Tornado alla questione della chiarificazione linguistica con cui si è aperto il paragrafo, diamo per acquisito che con parola «sé» o con la locuzione «il sé» traduciamo il termine «self» inteso esattamente in tale accezione secolarizzata. D’altra parte, ciò è giustificato dal fatto che il termine self sembra aver mantenuto, soprattutto nel linguaggio ordinario, tale valore empirico non sostantivo.

A tal proposito, Giovanni Jervis (2011, pp. 35-85), proprio criticando aspramente la traduzione alla lettera di «self» con «il sé» evidenzia come, se considerati in relazione alle rispettive lingue, i significati dei due termini non sono equipollenti e il termine inglese è meno equivocabile di quello italiano. Secondo Jervis ciò dipende dal fatto che in italiano l’utilizzo di «il sé» è entrato a far parte della lingua tramite un’impropria sostantivazione del pronome riflessivo «sé» data dall’aggiunta dell’articolo determinativo davanti. La locuzione è stata infatti introdotta nella letteratura specialistica di taglio psicologico e psicoanalitico all’inizio degli anni Settanta come traduzione a calco di «self» o «the self». Tuttavia, tale operazione ha restituito un concetto tecnico, inesatto e fuorviante: «la presenza di quell’articolo – definisce ipso facto una entificazione. “Il sé” è allora subito una cosa, un oggetto» (p. 47).
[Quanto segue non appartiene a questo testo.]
Let N1 := (pairg1 gT2 @*^-1 M)%G.
Let N2 := (@pair1g gT1 gT2 @*^-1 M)%G.

Lemma im_fstX_maximal : fstX H K @* M = H.
Proof.
have := morphimMl (fstX H K) ('ker (fstX H K)) sMG.
by rewrite (maximal_mulg_normal maxM (ker_normal _) nsKM) im_fstX morphim_ker mulg1.
Qed.

Lemma im_sndX_maximal : sndX H K @* M = K.
Proof.
have := morphimMl (sndX H K) ('ker (sndX H K)) sMG.
by rewrite (maximal_mulg_normal maxM (ker_normal _) nsHM) im_sndX morphim_ker mulg1.
Qed.

Lemma normal_pairg1_pre : N1 <| H.
Proof.
apply/andP; split.
  by apply/subsetP => a; rewrite !inE => /(subsetP sMG); rewrite in_setX => /andP[].
apply/subsetP => h hH; rewrite inE; apply/subsetP => _ /imsetP[a aN1 ->].
have /morphimP[[h' k] _ hkM /= ->] : h \in fstX H K @* M by rewrite im_fstX_maximal.
move: aN1; rewrite !inE /= => a1M.
by have := groupJ a1M hkM; rewrite pairJ conj1g.
Qed.

Lemma normal_pair1g_pre : N2 <| K.
Proof.
apply/andP; split.
  by apply/subsetP => b; rewrite !inE => /(subsetP sMG); rewrite in_setX => /andP[].
apply/subsetP => k kK; rewrite inE; apply/subsetP => _ /imsetP[b bN2 ->].
have /morphimP[[h k'] _ hkM /= ->] : k \in sndX H K @* M by rewrite im_sndX_maximal.
move: bN2; rewrite !inE /= => b1M.
by have := groupJ b1M hkM; rewrite pairJ conj1g.
Qed.

Lemma maxnormal_pairg1_pre : maxnormal N1 H H.
Proof.
have nsN1H := normal_pairg1_pre.
apply/maxgroupP; split.
  rewrite (normal_norm nsN1H) andbT properE (normal_sub nsN1H) /=.
  apply: contra nsHM => sHN1; rewrite ker_sndX; apply/subsetP => -[a b].
  by rewrite in_setX => /andP[/(subsetP sHN1) + /set1P /= ->]; rewrite !inE.
move=> X /andP[ltXH nXH] sN1X; have nsXH : X <| H by rewrite /normal proper_sub.
have [sX1M | nsX1M] := boolP (setX X 1 \subset M).
  apply/eqP; rewrite eqEsubset sN1X andbT; apply/subsetP => x xX.
  by rewrite !inE (subsetP sX1M) // in_setX xX group1.
have defG := maximal_mulg_normal maxM (setX_normal nsXH (normal1 K)) nsX1M.
case/andP: ltXH => _ /subsetP[] h hH.
have : (h, 1) \in M * setX X 1 by rewrite defG in_setX hH group1.
case/mulsgP => m [x _] mM /[!in_setX] /andP[/= xX /set1P ->] defh1.
have : h * x^-1 \in N1.
  suff defm : pairg1 gT2 (h * x^-1) = m by rewrite !inE /= defm.
  by rewrite -(mulgK (x, 1) m) -defh1 pairV pairM invg1 mulg1.
by move/(subsetP sN1X) => hxX; rewrite -(mulgKV x h) groupM.
Qed.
Al contrario, la sostanzialità non pertiene al concetto inglese:

the self, in inglese, non è un concetto strutturale, o essenziale, od oggettivo, bensì è

concetto esperienziale. In altre parole l’uso corrente di self o the self nel linguaggio quotidiano anglosassone ne ribadisce un significato che è banalizzato, pragmatico, laico, empiricamente introspettivo, quasi del tutto scevro da implicazioni sostanzialistiche o spiritualistiche. In my inner self è espressione figurata colloquiale che non si riferisce a una realtà mentale oggettivata, o a un tabernacolo interiore, ma a una domestica soggettività esperienziale (Jervis 2011, p. 47).
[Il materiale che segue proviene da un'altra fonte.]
Lemma folded_PRAC : PRAC n m [set A x | x in I].
Proof.
split=> [W W_neq0 | _ A' /imsetP[x _ ->] A'_cases].
  have [x [p [q win_W]]] := window_exists W_neq0.
  exists (A x, (p, q)); split=> [|[B [p' q']] /= [/imsetP[y _ ->] win_y]].
    by split=> //; apply: imset_f.
  by case: (window_unique (etrans win_y (esym win_W))) => -> -> ->.
have [lfsr_x _] := s_lfsr x; have per_x := lfsr_periodic lfsr_x.
case: A'_cases => [[/imsetP[y _ ->] neq_yx] | [p [q [pq_neq0 ->]]]].
  rewrite !A_fold_seq -fold_seqD.
  apply: fold_lfsr_shift (lfsrD size_f lfsr_x (s_lfsr y).1) _.
  by rewrite fold_seqD addmxF2_eq0 -!A_fold_seq eq_sym.
rewrite A_fold_seq cshift_fold_seq // -fold_seqD.
apply: fold_lfsr_shift (lfsrD size_f lfsr_x (lfsr_shift _ size_f lfsr_x)) _.
by rewrite fold_seqD addmxF2_eq0 fold_seq_shift_neq.
Qed.

End FoldedLFSR.

Local Open Scope ring_scope.
Unset Implicit Arguments.

Theorem theorem7 (n m : nat) (f : {poly 'F_2}) (e l : nat)
  (I : finType) (s : I -> nat -> 'F_2) (A : I -> 'M['F_2]_(2 ^ n - 1, l)) :
  (1 <= n)%N -> (1 <= m)%N ->
  size f = (n * m).+1 -> irreducible_poly f -> f != 'X ->
  is_exponent f e ->
  e = ((2 ^ n - 1) * l)%N -> coprime (2 ^ n - 1) l ->
  (* s is a system of representatives of the shift classes of the
     nonzero sequences satisfying the recurrence *)
  (forall x : I, lfsr f (n * m) (s x) /\ exists j, s x j != 0) ->
  (forall a : nat -> 'F_2, lfsr f (n * m) a -> (exists j, a j != 0) ->
     exists! x : I, seq_shift_of (s x) a) ->
  (* A x is the folding of one period of s x *)
  (forall (x : I) (i : nat), (i < e)%N -> aget (A x) i i = s x i) ->
  (forall (p : 'I_(2 ^ n - 1)) (q : 'I_l),
     ~~ (f %| gR (Rset n m (2 ^ n - 1) l e p q))) ->
  PRAC n m [set A x | x in I].
Proof.
(* [1 <= m] and [f != 'X] are implied: f is irreducible of size (n * m).+1,
   and 'X does not divide 'X^e - 1. *)
move=> n_gt0 _ size_f irr_f _ exp_f e_def co_rl s_lfsr s_repr A_aget Rset_ndvd.
subst e; have [rl_gt0 dvd_f _] := exp_f.
have r_gt0 : (0 < 2 ^ n - 1)%N by rewrite subn_gt0 -{1}(expn0 2) ltn_exp2l.
have l_gt0 : (0 < l)%N by move: rl_gt0; rewrite muln_gt0 => /andP[].
have le_nr : (n <= 2 ^ n - 1)%N by rewrite subn1 -ltnS prednK ?expn_gt0 // ltn_expl.
have le_ml := exponent_cofactor_bound n_gt0 l_gt0 size_f irr_f dvd_f.
exact: folded_PRAC r_gt0 l_gt0 co_rl le_nr le_ml size_f irr_f exp_f s_lfsr s_repr A_aget
  (Rset_ndvd (Ordinal r_gt0) (Ordinal l_gt0)).
Qed.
Seppure l’operazione di utilizzare «sé» proprio come traduzione di «self» incontrerebbe il biasimo di Jervis, il fatto di rendere esplicito che con sé o soggettività si fa riferimento a tale significato, «laico», «pragmatico», «scevro da implicazioni sostanzialistiche» che egli stesso conferma implicito già nell’utilizzo del termine nel linguaggio anglosassone comune e non già a un «sé» reificato, robusto, strutturale (e dunque di essere consapevoli del suo monito), dovrebbe venirci in aiuto.
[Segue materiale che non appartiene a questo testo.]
(* Let f(x) = sum_i f_i(x_i) with f_i = a_i t^3 + b_i t^2 + c_i t + d_i, a_i != 0.
   At a local minimum x each coordinate is a local minimum of f_i, so
   f_i'(x_i) = 0 and s_i := 3 a_i x_i + b_i >= 0; hence s_i^2 = D_i := b_i^2 - 3a_i c_i
   and f_i(x_i) = d_i + E_i - w_i with E_i rational and w_i = 2 s_i^3 / (27 a_i^2).
   If f(x) is rational, sum_i w_i is rational, while each w_i >= 0 has rational
   square.  The algebraic core of the proof (sqrt_sum_closed) says that nonnegative
   reals with squares in a subfield K and sum in K all lie in K; it is proved by
   induction, passing to quadratic extensions K(x).  Thus each s_i^3 is rational,
   so s_i is an integer m_i with m_i^2 = D_i, and x_i = (m_i - b_i)/(3 a_i) has
   numerator and denominator bounded by 3H, giving an O(log H) encoding size.
   The argument applies to every local minimum. *)
From HB Require Import structures.
From mathcomp Require Import all_boot all_order all_algebra.
From mathcomp Require Import all_classical all_reals all_analysis.
Import Order.TTheory GRing.Theory Num.Theory.
Import numFieldNormedType.Exports.
Local Open Scope ring_scope.
From mathcomp Require Import zify ring lra.
Set Implicit Arguments. Unset Strict Implicit.

Record is_subfield (R : fieldType) (K : R -> Prop) : Prop := {
  sf1 : K 1;
  sfD : forall x y, K x -> K y -> K (x + y);
  sfN : forall x, K x -> K (- x);
  sfM : forall x y, K x -> K y -> K (x * y);
  sfV : forall x, K x -> K x^-1 }.

Section Subfield.
Variables (R : fieldType) (K : R -> Prop).
Hypothesis HK : is_subfield K.

Lemma sf0 : K 0.
Proof. by rewrite -(subrr 1); apply: (sfD HK); [apply: (sf1 HK)|apply: (sfN HK) (sf1 HK)]. Qed.

Lemma sfB x y : K x -> K y -> K (x - y).
Proof. by move=> Kx Ky; apply: (sfD HK) => //; apply: (sfN HK). Qed.

Lemma sfdiv x y : K x -> K y -> K (x / y).
Proof. by move=> Kx Ky; apply: (sfM HK) => //; apply: (sfV HK). Qed.

Lemma sf_indep x a b : ~ K x -> K a -> K b -> K (a + b * x) -> b = 0.
Proof.
move=> Kx Ka Kb Kab; apply/eqP/negP => /negP b0; apply: Kx.
have -> : x = ((a + b * x) - a) / b by field.
by apply: sfdiv => //; apply: sfB.
Qed.

Definition adjoin (x : R) : R -> Prop :=
  fun z => exists a b, K a /\ K b /\ z = a + b * x.

Lemma adjoin_base x z : K z -> adjoin x z.
Proof. by move=> Kz; exists z, 0; rewrite mul0r addr0; split; [|split; [exact: sf0|]]. Qed.

Lemma adjoin_norm_neq0 x a b : ~ K x -> K a -> K b -> a + b * x != 0 ->
  a ^+ 2 - b ^+ 2 * x ^+ 2 != 0.
Proof.
move=> Kx Ka Kb ab0; apply/eqP => N0.
have [b0|b0] := eqVneq b 0.
  move: N0 ab0; rewrite b0 expr0n /= !mul0r subr0 addr0 => /eqP.
  by rewrite sqrf_eq0 => ->.
have : (x - a / b) * (x + a / b) = 0.
  have -> : (x - a / b) * (x + a / b) = - (a ^+ 2 - b ^+ 2 * x ^+ 2) / b ^+ 2 by field.
  by rewrite N0 oppr0 mul0r.
move/eqP; rewrite mulf_eq0 => /orP[] /eqP xab; apply: Kx.
  by rewrite (subr0_eq xab); apply: sfdiv.
by rewrite -(opprK x) (addr0_eq xab); apply: (sfN HK); apply: sfdiv.
Qed.

Lemma adjoin_subfield x : ~ K x -> K (x ^+ 2) -> is_subfield (adjoin x).
Proof.
move=> Kx Kx2; split.
- exact/adjoin_base/(sf1 HK).
- move=> _ _ [a [b [Ka [Kb ->]]]] [a' [b' [Ka' [Kb' ->]]]].
  by exists (a + a'), (b + b'); split; [exact: (sfD HK)|split; [exact: (sfD HK)|ring]].
- move=> _ [a [b [Ka [Kb ->]]]].
  by exists (- a), (- b); split; [exact: (sfN HK)|split; [exact: (sfN HK)|ring]].
- move=> _ _ [a [b [Ka [Kb ->]]]] [a' [b' [Ka' [Kb' ->]]]].
  exists (a * a' + b * b' * x ^+ 2), (a * b' + a' * b); split.
    by apply: (sfD HK); apply: (sfM HK) => //; apply: (sfM HK).
  by split; [apply: (sfD HK); apply: (sfM HK)|ring].
- move=> _ [a [b [Ka [Kb ->]]]].
  have [->|z0] := eqVneq (a + b * x) 0; first by rewrite invr0; exact/adjoin_base/sf0.
  have N0 := adjoin_norm_neq0 Kx Ka Kb z0.
  have KN : K (a ^+ 2 - b ^+ 2 * x ^+ 2).
    by apply: sfB; apply: (sfM HK) => //; apply: (sfM HK).
  exists (a / (a ^+ 2 - b ^+ 2 * x ^+ 2)), (- b / (a ^+ 2 - b ^+ 2 * x ^+ 2)).
  split; [exact: sfdiv|split; [apply: sfdiv => //; exact: (sfN HK)|]].
  by apply: (mulfI z0); rewrite mulfV //; field; rewrite exprMn.
Qed.

End Subfield.

Section OrderedSubfield.
Variables (R : realFieldType) (K : R -> Prop).
Hypothesis HK : is_subfield K.

(* In K(x), for x >= 0 outside K with x^2 in K, an element y >= 0 with y^2 in
   K is either in K or a nonnegative K-multiple of x: the cross term 2ab of
   y^2 = (a + b x)^2 must vanish. *)
Lemma adjoin_sqrt_form x y : ~ K x -> 0 <= x -> K (x ^+ 2) ->
  adjoin K x y -> 0 <= y -> K (y ^+ 2) ->
  exists a b, K a /\ K b /\ 0 <= b /\ y = a + b * x.
Proof.
move=> Kx x0 Kx2 [a [b [Ka [Kb ey]]]] y0 Ky2.
have K2 : K 2 by apply: (sfD HK); apply: (sf1 HK).
have Ksq : K (a ^+ 2 + b ^+ 2 * x ^+ 2).
  by apply: (sfD HK); apply: (sfM HK) => //; apply: (sfM HK).
have cross : 2 * a * b = 0.
  apply: (sf_indep HK Kx Ksq); first by apply: (sfM HK) => //; apply: (sfM HK).
  by have <- : y ^+ 2 = a ^+ 2 + b ^+ 2 * x ^+ 2 + 2 * a * b * x by rewrite ey; ring.
move/eqP: cross; rewrite !mulf_eq0 pnatr_eq0 /= => /orP[] /eqP ab0; last first.
  by exists a, 0; rewrite ey ab0; split; [|split; [exact: sf0|]].
have x_gt0 : 0 < x.
  by rewrite lt_neqAle x0 andbT; apply/eqP => x0'; apply: Kx; rewrite -x0'; exact: sf0.
exists 0, b; rewrite ey ab0 add0r in y0 *; split; first exact: sf0.
by split => //; split; first by rewrite pmulr_lge0 in y0.
Qed.

Lemma adjoin_sqrt_sum x (l : seq R) : ~ K x -> 0 <= x -> K (x ^+ 2) ->
  (forall y, y \in l -> adjoin K x y /\ 0 <= y /\ K (y ^+ 2)) ->
  exists A B, K A /\ K B /\ 0 <= B /\ \sum_(y <- l) y = A + B * x.
Proof.
move=> Kx x0 Kx2; elim: l => [|y l IH] Hl.
  by exists 0, 0; rewrite big_nil mul0r addr0; split; [exact: sf0|split; [exact: sf0|]].
have [|A [B [KA [KB [B0 eA]]]]] := IH.
  by move=> z zl; apply: Hl; rewrite in_cons zl orbT.
have [Ky [y0 Ky2]] := Hl y (mem_head _ _).
have [a [b [Ka [Kb [b0 ey]]]]] := adjoin_sqrt_form Kx x0 Kx2 Ky y0 Ky2.
exists (a + A), (b + B); rewrite big_cons eA ey.
split; [exact: (sfD HK)|split; [exact: (sfD HK)|split; [exact: addr_ge0|ring]]].
Qed.

End OrderedSubfield.

(* By induction on the list: if the
   head x were outside K, the tail would lie in K(x) (induction hypothesis),
   so the sum would be A + (B + 1) x with B >= 0, forcing x into K. *)
Lemma sqrt_sum_closed (R : realFieldType) (l : seq R) (K : R -> Prop) :
  is_subfield K -> (forall y, y \in l -> 0 <= y /\ K (y ^+ 2)) ->
  K (\sum_(y <- l) y) -> forall y, y \in l -> K y.
Proof.
elim: l K => [|x l IH] K HK Hl; first by move=> _ y; rewrite in_nil.
rewrite big_cons => Ksum.
have [x0 Kx2] := Hl x (mem_head _ _).
have Hl' z : z \in l -> 0 <= z /\ K (z ^+ 2).
  by move=> zl; apply: Hl; rewrite in_cons zl orbT.
have [Kx|Kx] := pselect (K x).
  have Kl : K (\sum_(y <- l) y).
    have -> : \sum_(y <- l) y = (x + \sum_(y <- l) y) - x by ring.
    exact: sfB.
  by move=> y /predU1P[-> //|yl]; exact: IH HK Hl' Kl y yl.
exfalso; have HKx := adjoin_subfield HK Kx Kx2.
have Kxl : adjoin K x (\sum_(y <- l) y).
  exists (x + \sum_(y <- l) y), (-1).
  by split=> //; split; [exact/(sfN HK)/(sf1 HK)|ring].
have Kxl' z : z \in l -> 0 <= z /\ adjoin K x (z ^+ 2).
  by move=> zl; have [z0 Kz2] := Hl' z zl; split => //; exact: adjoin_base.
have [|A [B [KA [KB [B0 eA]]]]] := adjoin_sqrt_sum HK Kx x0 Kx2 (l := l).
  by move=> z zl; have [z0 Kz2] := Hl' z zl; split => //; exact: IH HKx Kxl' Kxl z zl.
have := sf_indep HK Kx (sfB HK KA Ksum) (sfD HK KB (sf1 HK)).
have -> : A - (x + \sum_(y <- l) y) + (B + 1) * x = 0 by rewrite eA; ring.
by move=> /(_ (sf0 HK)) /eqP; rewrite paddr_eq0 ?oner_eq0 ?andbF.
Qed.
D’altra parte, la produzione in inglese rappresenta il nostro interlocutore primario. In tutta la letteratura citata all’inizio di questo capitolo, le autrici e gli autori si domandano

quali siano le conseguenze del modello di mente estesa per il self – a volte alternato con

identity –, se è possibile parlare di un extended self o di distributed selves (Clark,

Chalmers 2010; Heersmink 2017). Anche Piredda (2017, p. 127) facendo riferimento al medesimo dibattito sulla mente estesa o distribuita scrive: «il tema della mente estesa e le sue conseguenze sul concetto di sé», «prospettiva estesa sul sé», «mente estesa e sé esteso»98. Pertanto, a prescindere dalle preferenze linguistiche, il nostro obiettivo è tratteggiare in quale modo le concezioni di organismo e mente (o meglio di sviluppo e funzionamento delle capacità psico-affettivo-cognitive) che sono delineate nel secondo capitolo si riflettono sulla nozione di self. In sintesi, è al concetto laico di self e non solo al termine che si fa riferimento ogni volta che, in questa sede, si parla di sé o soggettività in senso lato.